[Collected data entries]
(* If [f B <> g B], the operators [B - (f B / ||T||) T] and [(g B / ||T||) T - B]
   are orthogonal to [T] but their sum, a nonzero multiple of [T], is not. *)
Lemma smooth_point_of_BJ_orth_add : T <> op_zero X Y ->
  (forall A B, bounded_linear X Y A -> bounded_linear X Y B ->
     BJ_orth X Y T A -> BJ_orth X Y T B -> BJ_orth X Y T (op_add X Y A B)) ->
  smooth_point X Y T.
Proof.
  intros HT0 Hadd_orth. split; [apply support_functional_exists|].
  intros f g Hf Hg B HB. pose proof (opnorm_pos X Y T hT HT0) as Hm. set (m := opnorm X Y T) in *.
  apply NNPP. intros Hne.
  set (C1 := op_add X Y B (op_scal X Y (- (f B / m)) T)).
  set (C2 := op_add X Y (op_scal X Y (-1) B) (op_scal X Y (g B / m) T)).
  assert (HC1 : bounded_linear X Y C1) by (apply bounded_linear_add, bounded_linear_scal; auto).
  assert (HC2 : bounded_linear X Y C2)
    by (apply bounded_linear_add; apply bounded_linear_scal; auto).
  destruct Hf as [Hfadd [Hfscal [Hfb HfT]]], Hg as [Hgadd [Hgscal [Hgb HgT]]].
  assert (HT1 : BJ_orth X Y T C1).
  { apply (BJ_orth_of_support_functional f); auto; [repeat split; auto|].
    unfold C1. rewrite Hfadd, Hfscal, HfT by (auto; apply bounded_linear_scal; auto).
    fold m. field. lra. }
  assert (HT2 : BJ_orth X Y T C2).
  { apply (BJ_orth_of_support_functional g); auto; [repeat split; auto|].
    unfold C2. rewrite Hgadd, !Hgscal, HgT by (auto; apply bounded_linear_scal; auto).
    fold m. field. lra. }
  apply (not_BJ_orth_scal_self (- (f B / m) + g B / m) HT0).
  - intros Heq. apply Hne. apply (Rmult_eq_reg_r (/ m)); [|apply Rinv_neq_0_compat; lra].
    unfold Rdiv in Heq. lra.
  - replace (op_scal X Y (- (f B / m) + g B / m) T) with (op_add X Y C1 C2)
      by exact (vadd_combine (operator_space X Y) B T _ _).
    now apply Hadd_orth.
Qed.

End OperatorAtT.
(* The discrepancy D_J(beta(I)) is bilinear in the indicators of I and J, and
   every interval of Z_n is a signed sum of at most three prefixes [1..k], so it
   suffices to compare prefixes.  The preimage under beta of a prefix is a set
   { s : {alpha s} < y }, and counting its elements among 1..k amounts to
   bounding the remainder of the floor sum  sum_{j<k} floor(c + j alpha) - k c
   uniformly in c.  Writing k in the Ostrowski numeration system of the
   convergent denominators q_i, each block of length q_i contributes O(1)
   (Hermite's identity, since j p_i mod q_i runs through all residues), so the
   remainder is O(a_1 + ... + a_m) with q_m > n.  As q_m grows exponentially,
   m = O(log n), and bounded average partial quotients give O(log n). *)

From Stdlib Require Import Reals List Arith ZArith Lia Lra Permutation Bool.
Open Scope R_scope.

Lemma Int_part_bounds x : IZR (Int_part x) <= x < IZR (Int_part x) + 1.
Proof. destruct (base_Int_part x); lra. Qed.

Lemma Int_part_plus_IZR x z : Int_part (x + IZR z) = (Int_part x + z)%Z.
Proof. symmetry. apply Int_part_spec. rewrite plus_IZR. pose proof (Int_part_bounds x). lra. Qed.

Lemma Int_part_le_compat x y : x <= y -> (Int_part x <= Int_part y)%Z.
Proof.
  intros Hxy. destruct (Z_le_gt_dec (Int_part x) (Int_part y)) as [|Hgt]; auto.
  assert (Hz : IZR (Int_part y + 1) <= IZR (Int_part x)) by (apply IZR_le; lia).
  rewrite plus_IZR in Hz. pose proof (Int_part_bounds x). pose proof (Int_part_bounds y). lra.
Qed.

Lemma frac_bounds x : 0 <= frac x < 1.
Proof. unfold frac, frac_part. pose proof (Int_part_bounds x). lra. Qed.

Lemma Rabs_le_inv x e : Rabs x <= e -> - e <= x <= e.
Proof.
  intros H. pose proof (Rle_abs x). pose proof (Rle_abs (- x)). rewrite Rabs_Ropp in *. lra.
Qed.

Definition sumR {A} (l : list A) (f : A -> R) : R :=
  fold_right (fun x acc => f x + acc) 0 l.

Section ListSums.
Context {A : Type}.
Implicit Types (l : list A) (f g : A -> R).
Definition is_qfhm (R : realType) (n m : nat) (Om : 'rV[R[i]]_n -> Prop)
  (H : lmodType R[i]) (ip : H -> H -> R[i])
  (ev : H -> 'rV[R[i]]_n -> 'rV[R[i]]_m) : Prop :=
  is_hilbert ip /\
      (forall (a : R[i]) (x y : H) z, ev (a *: x + y) z = a *: ev x z + ev y z) /\
      (* every element of A(Omega) (x) l^2_m is an element of H ... *)
      (forall F : 'rV[R[i]]_n -> 'rV[R[i]]_m,
         (forall j : 'I_m, in_A Om (fun z => F z 0 j)) ->
         exists h : H, forall z, Om z -> ev h z = F z) /\
      (* ... and these are dense (H is the completion) *)
      (forall (h : H) (e : R), 0 < e -> exists h' : H, in_pre Om ev h' /\ hnorm ip (h - h') < e) /\
      (forall z, Om z -> exists (r c : R), 0 < r /\ forall w, Om w -> vnorm (w - z) < r ->
          forall h : H, vnorm (ev h w) <= c * hnorm ip h) /\
      (forall phi (h : H), in_A Om phi -> exists h' : H, act Om ev phi h h' /\
          forall M : R, supbound Om phi M -> hnorm ip h' <= M * hnorm ip h) /\
      (forall u : nat -> H, (forall k, in_pre Om ev (u k)) ->
        (forall e : R, 0 < e -> exists N, forall p q, (N <= p)%N -> (N <= q)%N ->
           hnorm ip (u p - u q) < e) ->
        ((forall z, Om z -> forall e : R, 0 < e -> exists N, forall p, (N <= p)%N ->
            vnorm (ev (u p) z) < e) <->
         (forall e : R, 0 < e -> exists N, forall p, (N <= p)%N -> hnorm ip (u p) < e))).

(* R_z: the closure of the linear span of {phi h : phi in A(Omega), phi(z)=0, h in H} *)
Definition in_Rz (R : realType) (n m : nat) (Om : 'rV[R[i]]_n -> Prop)
  (H : lmodType R[i]) (ip : H -> H -> R[i]) (ev : H -> 'rV[R[i]]_n -> 'rV[R[i]]_m)
  (z : 'rV[R[i]]_n) (h : H) : Prop :=
  forall e : R, 0 < e -> exists (k : nat) (phi : 'I_k -> 'rV[R[i]]_n -> R[i])
      (c : 'I_k -> R[i]) (g g' : 'I_k -> H),
    (forall l, [/\ in_A Om (phi l), phi l z = 0 & act Om ev (phi l) (g l) (g' l)]) /\
    hnorm ip (h - \sum_(l < k) c l *: g' l) < e.

(* generating set {f_i}: A(Omega)-multiples span a dense subspace, and the
   classes f_i (x) 1_z form a basis of R (x)_{A(Omega)} C_z = R / R_z *)
Definition is_generating (R : realType) (n m : nat) (Om : 'rV[R[i]]_n -> Prop)
  (H : lmodType R[i]) (ip : H -> H -> R[i]) (ev : H -> 'rV[R[i]]_n -> 'rV[R[i]]_m)
  (f : 'I_m -> H) : Prop :=
  [/\ (forall (h : H) (e : R), 0 < e -> exists (k : nat)
          (phi : 'I_k -> 'rV[R[i]]_n -> R[i]) (c : 'I_k -> R[i])
          (idx : 'I_k -> 'I_m) (g' : 'I_k -> H),
        (forall l, in_A Om (phi l) /\ act Om ev (phi l) (f (idx l)) (g' l)) /\
        hnorm ip (h - \sum_(l < k) c l *: g' l) < e),
      (forall z, Om z -> forall c : 'I_m -> R[i],
          in_Rz Om ip ev z (\sum_(i < m) c i *: f i) -> forall i, c i = 0)
    & (forall z, Om z -> forall h : H, exists c : 'I_m -> R[i],
          in_Rz Om ip ev z (h - \sum_(i < m) c i *: f i))].

Definition is_module_map (R : realType) (n m : nat) (Om : 'rV[R[i]]_n -> Prop)
  (H : lmodType R[i]) (ip : H -> H -> R[i]) (ev : H -> 'rV[R[i]]_n -> 'rV[R[i]]_m)
  (H' : lmodType R[i]) (ip' : H' -> H' -> R[i]) (ev' : H' -> 'rV[R[i]]_n -> 'rV[R[i]]_m)
  (X : H -> H') : Prop :=
  [/\ (forall (a : R[i]) (x y : H), X (a *: x + y) = a *: X x + X y),
      (exists c : R, forall h : H, hnorm ip' (X h) <= c * hnorm ip h)
    & (forall phi (h h1 : H), in_A Om phi -> act Om ev phi h h1 ->
          act Om ev' phi (X h) (X h1))].

(** Evaluation at [z] is bounded and kills every [phi h] with [phi z = 0], so it
    vanishes on [R_z]. Conversely, if [h(z) = 0], the generating set gives [c]
    with [h - sum_j c_j g_j] in [R_z], hence [sum_j c_j g_j(z) = 0]. As the
    constant functions lie in the module, the same argument shows that the [m]
    vectors [g_j(z)] span [C^m]; so they are free, [c = 0] and [h] lies in [R_z].
    Thus [R_z] is the kernel of evaluation at [z], and the theorem reduces to
    [(X f_i - sum_j psi_ij(z) g_j)(z) = 0], which is the hypothesis on [X f_i]. *)
From HB Require Import structures.
From mathcomp Require Import all_boot all_order all_algebra.
From mathcomp Require Import reals.
From mathcomp Require Import complex.
Set Implicit Arguments. Unset Strict Implicit. Unset Printing Implicit Defensive.
Import Order.TTheory GRing.Theory Num.Theory.
Local Open Scope ring_scope.
(* Let $\beta_1,\dots,\beta_N\in\mathbb R$ with $\beta_a\beta_b\ne0$ for some $a,b$. Then $\widetilde C_\beta$ is an orthogonal projection if and only if $(d-1)\sum_{i=1}^N\beta_i^2+\big(\sum_{i=1}^N\beta_i\big)^2=1$. If this condition holds, then $C_\beta\ge0$ and $\mathrm{Tr}_{\{1,\dots,N\}}C_\beta=I$, so $C_\beta$ is the Choi matrix of a quantum channel $\mathcal M_d\to\mathcal M_d^{\otimes N}$.
   Context: Fix $d\ge2$, $N\ge1$. Tensor factors of $(\mathbb C^d)^{\otimes(N+1)}$ are labelled $0,\dots,N$. For a permutation $\sigma$ of $\{0,\dots,N\}$, $\Pi_\sigma(v_0\otimes\cdots\otimes v_N)=v_{\sigma^{-1}(0)}\otimes\cdots\otimes v_{\sigma^{-1}(N)}$ and $\Pi_\sigma^\Gamma$ is its partial transpose on factor $0$ in the standard basis. For $1\le a,b\le N$, $\Sigma_{a,b}=\{\sigma:\sigma(0)=a,\sigma(b)=0\}$. Define $\widetilde C_\beta=\sum_{1\le a,b\le N}\sum_{\sigma\in\Sigma_{a,b}}\frac{\beta_a\beta_b}{(N-1)!}\Pi_\sigma^\Gamma$ and $C_\beta=\frac{d}{\binom{N+d-1}{N}}\frac{N+d-1}{N}\widetilde C_\beta$. A matrix $C$ is the Choi matrix of a quantum channel iff $C\ge0$ and its partial trace over factors $1,\dots,N$ is $I$ (factor $0$ being the input). *)

From HB Require Import structures.
From mathcomp Require Import all_boot all_order all_algebra all_fingroup.
Set Implicit Arguments. Unset Strict Implicit. Unset Printing Implicit Defensive.
Import Order.TTheory GRing.Theory Num.Theory.
Local Open Scope ring_scope.

(* Complex scalars: any numClosedFieldType C (e.g. the complex numbers).
   Basis of (C^d)^{\otimes(N+1)}: functions x : 'I_(N.+1) -> 'I_d
   (x k = basis index in tensor factor k; factor 0 is ord0).
   Operators are matrices indexed by the ranks of these basis labels. *)

Section Defs.
Variables (C : numClosedFieldType) (d N : nat).

Definition lbl := {ffun 'I_N.+1 -> 'I_d}.
Definition dim := #|{: lbl}|.
Definition op := 'M[C]_dim.

Definition mkop (f : lbl -> lbl -> C) : op :=
  \matrix_(i, j) f (enum_val i) (enum_val j).
Definition ent (M : op) (x y : lbl) : C := M (enum_rank x) (enum_rank y).

(* Pi_sigma (v_0 ⊗ ... ⊗ v_N) = v_{sigma^-1 0} ⊗ ... ⊗ v_{sigma^-1 N},
   so <x|Pi_sigma|y> = [forall k, x k = y (sigma^-1 k)] *)
Definition Pi (s : 'S_N.+1) : op :=
  mkop (fun x y => (x == [ffun k => y ((s^-1)%g k)])%:R).

Definition upd0 (x : lbl) (i : 'I_d) : lbl :=
  [ffun k => if k == ord0 then i else x k].

Definition ptrans0 (M : op) : op :=
  mkop (fun x y => ent M (upd0 x (y ord0)) (upd0 y (x ord0))).

(* Sigma_{a,b} = {sigma : sigma 0 = a, sigma b = 0}, with a,b in {1..N}
   represented as lift ord0 a', lift ord0 b' for a',b' : 'I_N *)
Definition Ctilde (beta : 'I_N -> C) : op :=
  \sum_(a < N) \sum_(b < N)
    \sum_(s : 'S_N.+1 | (s ord0 == lift ord0 a) && (s (lift ord0 b) == ord0))
      ((beta a * beta b) / (N.-1)`!%:R) *: ptrans0 (Pi s).

Definition Cbeta (beta : 'I_N -> C) : op :=
  (d%:R / 'C(N + d - 1, N)%:R * ((N + d - 1)%:R / N%:R)) *: Ctilde beta.

Definition adj (M : op) : op := map_mx Num.conj (M^T).

Definition is_orth_proj (P : op) : Prop := P *m P = P /\ adj P = P.

Definition psd (M : op) : Prop :=
  forall v : 'cV[C]_dim, 0 <= ((map_mx Num.conj v^T) *m M *m v) 0 0.

Definition ptrace_rest (M : op) : 'M[C]_d :=
  \matrix_(i, j) \sum_(x : lbl | x ord0 == i) ent M x (upd0 x j).

(* Choi matrix of a quantum channel (factor 0 = input) *)
Definition is_choi_channel (M : op) : Prop :=
  psd M /\ ptrace_rest M = 1%:M.

End Defs.

From HB Require Import structures.
From mathcomp Require Import all_boot all_order all_algebra all_fingroup.
From mathcomp Require Import ring.
Import Order.TTheory GRing.Theory Num.Theory.
Set Implicit Arguments. Unset Strict Implicit. Unset Printing Implicit Defensive.
Lemma mem_digit_vectors L v : v \in digit_vectors L ->
  size v = size L /\ forall i, (i < size L)%N -> (nth 0 v i < base (nth 0 L i))%N.
Proof.
elim: L v => [|s L IH] v /=; first by rewrite inE => /eqP->.
case/allpairsP => [[c u] /= [c_lt u_in ->]]; have [u_size u_lt] := IH u u_in.
split=> [|[|i]] /=; rewrite ?u_size // ?ltnS; last exact: u_lt.
by rewrite mem_iota in c_lt.
Qed.

Lemma digit_vectors_head L : (forall s, 0 < base s)%N ->
  digit_vectors L = nseq (size L) 0%N :: behead (digit_vectors L).
Proof.
move=> base_gt0; elim: L => [|s L IH] //=.
have -> : iota 0 (base s) = 0%N :: iota 1 (base s).-1 by case: (base s) (base_gt0 s).
by rewrite allpairs_cons IH.
Qed.
End DigitVectors.

Section SpectrumConstruction.
Variables (R : realType) (S : seq nat).
Hypothesis S_uniq : uniq S.
Hypothesis S_pp : forall s, s \in S -> prime_power s.

Definition digit (v : seq nat) (s : nat) : nat := nth 0 v (index s S).

Let M := (\prod_(s <- S) s)%N.

(* The fractional part of [\sum_s digit v s / s], over the common denominator
   [M]. *)
Definition spectral_point (v : seq nat) : R :=
  ((\sum_(s <- S) digit v s * (M %/ s)) %% M)%N%:R / M%:R.

Local Notation om s := (expi (s%:R^-1 : R)).
Local Notation C := (digit_vectors pdiv S).

Let S_gt0 s : s \in S -> (0 < s)%N.
Proof. by move/S_pp/prime_power_gt1/ltnW. Qed.

Let M_gt0 : (0 < M)%N.
Proof. by rewrite /M big_seq_cond prodn_cond_gt0 // => s /andP[/S_gt0]. Qed.

Lemma digit_lt v s : v \in C -> s \in S -> (digit v s < pdiv s)%N.
Proof.
move=> /mem_digit_vectors[_ v_lt] sS.
by have := v_lt (index s S); rewrite index_mem nth_index //; apply.
Qed.
(* Let $d=1$ and, for probability measures $\mu$ on $\mathbb R$ with $\int|y|\,\mu(dy)<\infty$, let $$a(x,\mu)=x^2\Big(\int_{\mathbb R}|y|\,\mu(dy)\Big)^3,\qquad b(x,\mu)=-2x^3\int_{\mathbb R}|y|\,\mu(dy),\qquad L_\mu u=a(x,\mu)u''+b(x,\mu)u'.$$ (a) With $m=0$, $V(x)=x^2/2$ and $H\equiv0$, all assumptions of Corollary 2.3 hold: conditions (H1.1), (H1.2), (H1.3) and (H2) are satisfied, $|a(0,\mu)|+|b(0,\mu)|\le C_1+C_2\int H\,d\mu$ for any $C_1,C_2>0$, and there exist $C,\Lambda>0$ (e.g. $C=3$, $\Lambda=2$) such that $\int_{\mathbb R}L_\mu V\,d\mu\le C-\Lambda\int_{\mathbb R}V\,d\mu$ for every compactly supported probability measure $\mu$ on $\mathbb R$. (b) There is no function $U\in C^2(\mathbb R)$ with $U\ge0$, $U(x)\to+\infty$ as $|x|\to\infty$, together with positive numbers $C,\Lambda$, such that $L_\mu U(x)\le C-\Lambda U(x)$ for all $x\in\mathbb R$ and all probability measures $\mu$ with $\int U\,d\mu<\infty$ and $\int |y|\,d\mu<\infty$.
   Context: For a function $V\in C^2(\mathbb R^d)$, $V\ge0$, $V\to\infty$ at infinity: $\mathcal P_R(V)$ is the set of probability measures with $\int V\,d\mu\le R$; $\mathcal P(V)$ those with $V\in L^1(\mu)$; $\mu_n\to\mu$ $V$-weakly in $\mathcal P(V)$ means $\int f\,d\mu_n\to\int f\,d\mu$ for all continuous $f$ with $f/V\to0$ at infinity. With $m=0$ (no nondegenerate variables, $z=x$), the conditions read: (H1.1) vacuous; (H1.2) for every $R>0$ and every bounded interval $K$: $\sup_{x\in K,\mu\in\mathcal P_R(V)}(|a(x,\mu)|+|b(x,\mu)|)<\infty$; (H1.3) for every $R>0$ and every bounded interval $K$ there is a nonnegative continuous monotone $\omega_{K,R}$ on $[0,\infty)$ with $\omega_{K,R}(0)=0$ and $\sup_{\mu\in\mathcal P_R(V)}(|a(x,\mu)-a(x',\mu)|+|b(x,\mu)-b(x',\mu)|)\le\omega_{K,R}(|x-x'|)$ for $x,x'\in K$; (H2) for every $R>0$, if $\mu_n\in\mathcal P_R(V)$ converges $V$-weakly to $\mu\in\mathcal P_R(V)$ then $|a(x,\mu_n)-a(x,\mu)|+|b(x,\mu_n)-b(x,\mu)|\to0$ for every $x$. Corollary 2.3 (for reference) asserts existence of a probability solution of $(a(x,\mu)\mu)''-(b(x,\mu)\mu)'=0$ under (H1), (H2), the bound $|a(0,\mu)|+|b(0,\mu)|\le C_1+C_2\int H\,d\mu$ with continuous $H\ge0$, $H/V\to0$, and $\int L_\mu V\,d\mu\le C-\Lambda\int V\,d\mu$ for all compactly supported probability measures $\mu$. *)

From HB Require Import structures.
From mathcomp Require Import all_boot all_order all_algebra.
From mathcomp Require Import all_classical all_reals all_analysis.
Set Implicit Arguments. Unset Strict Implicit. Unset Printing Implicit Defensive.
Import Order.TTheory GRing.Theory Num.Theory.
Import numFieldNormedType.Exports.
Local Open Scope classical_set_scope.
Local Open Scope ring_scope.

__Exercise__.
Please copy the lines above from the line with "(d%:R / 'C(N + d" up to and including the line with "Definition psd (M", exactly as written and with nothing else.

__Output below__.
  (d%:R / 'C(N + d - 1, N)%:R * ((N + d - 1)%:R / N%:R)) *: Ctilde beta.

Definition adj (M : op) : op := map_mx Num.conj (M^T).

Definition is_orth_proj (P : op) : Prop := P *m P = P /\ adj P = P.

Definition psd (M : op) : Prop :=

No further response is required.